Dave Gallagher

Personal information
- Full name: David Gallagher
- Born: 21 April 1966 (age 59) Armidale, New South Wales, Australia

Playing information
- Position: Second-row
Club
| Years | Team | Pld | T | G | FG | P |
| 1988–91 | Western Suburbs | 51 | 4 | 0 | 0 | 16 |
| 1990–91 | Rochdale Hornets | 5 | 1 | 0 | 0 | 4 |
| 1989–93 | Illawarra Steelers | 13 | 0 | 0 | 0 | 0 |
|  | Total | 69 | 5 | 0 | 0 | 20 |
- Source: As of 28 December 2022

= Dave Gallagher (rugby league) =

Australian rugby league footballer

Dave Gallagher is an Australian former professional rugby league footballer who played in the 1980s and 1990s. He played for Western Suburbs and the Illawarra Steelers in the NSWRL competition.

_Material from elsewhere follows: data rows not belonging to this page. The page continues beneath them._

(* Let $\mathbb K$ be a field of characteristic $0$ and $N\ge1$. The image of the weight system $W^{\mathrm{St}}_{\mathfrak{gl}_N}:\mathcal A(\downarrow\downarrow)_{\mathbb K}\to\mathrm{End}(\mathbb K^N)^{\otimes2}$ associated with $(\mathfrak{gl}_N(\mathbb K),B_0,\mathrm{St})$ is a commutative subalgebra.
   Context: Jacobi diagrams on an oriented compact $1$-manifold $X$ span $\mathcal A(X)$ modulo AS, IHX, STU; $\mathcal A(X)_{\mathbb K}=\mathcal A(X)\otimes\mathbb K$; $\downarrow\downarrow$ is two downward oriented strands, and $\mathcal A(\downarrow\downarrow)$ is an algebra under stacking. For a metrized Lie algebra $(\mathfrak g,\langle\cdot,\cdot\rangle)$ over $\mathbb K$, the universal weight system $W_{\mathfrak g}:\mathcal A(\downarrow^{\otimes n})_{\mathbb K}\to U(\mathfrak g)^{\otimes n}$ is the algebra homomorphism obtained by putting on each edge the Casimir tensor $\Omega=\sum_av_a\otimes v^a$ (basis and dual basis w.r.t. the form), at each trivalent vertex $-\mathbf t$ where $\mathbf t\in\mathfrak g^{\otimes3}$ corresponds to $(x,y,z)\mapsto\langle[x,y],z\rangle$ (factors in cyclic order), contracting along edges and multiplying in $U(\mathfrak g)$ along each strand in its orientation order; for a representation $\rho:\mathfrak g\to\mathrm{End}(V)$, $W^\rho_{\mathfrak g}=U(\rho)^{\otimes n}\circ W_{\mathfrak g}$. $B_0(x,y)=\mathrm{tr}(xy)$ is the trace form and $\mathrm{St}$ the standard representation on $\mathbb K^N$. *)

From HB Require Import structures.
From mathcomp Require Import all_boot all_order all_algebra.
From mathcomp Require Import mxtens.
Set Implicit Arguments. Unset Strict Implicit. Unset Printing Implicit Defensive.
Import GRing.Theory.
Local Open Scope ring_scope.

(* Jacobi diagrams on two downward oriented strands (the skeleton "↓↓").      *)
(* A diagram is encoded by half-edges ("slots"):                              *)
(*   - inl (inl i), i : 'I_n1 : the i-th univalent vertex (leg) on strand 1,  *)
(*     legs numbered 0,1,... in the order met along the strand orientation;   *)
(*   - inl (inr i), i : 'I_n2 : likewise on strand 2;                         *)
(*   - inr (v, k), v : 'I_nt, k : 'I_3 : the k-th half-edge at the trivalent  *)
(*     vertex v, the vertex orientation being the cyclic order 0 -> 1 -> 2.   *)
(* Edges are given by a fixed-point-free involution on slots.                 *)

Definition jslot (n1 n2 nt : nat) : finType :=
  (('I_n1 + 'I_n2) + ('I_nt * 'I_3))%type.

Gallagher also played for Rochdale in England and Redcliffe in the Brisbane Rugby League premiership.

==Playing career==
Gallagher began his professional rugby league career with Redcliffe in the Brisbane Rugby League premiership. Gallagher then signed with Western Suburbs in the NSWRL and played 51 games for the club over four years. During the 1990 NSWRL off-season, Gallagher played for Rochdale in England. In 1992, he joined Illawarra and played 13 games but missed out on the clubs first ever finals campaign.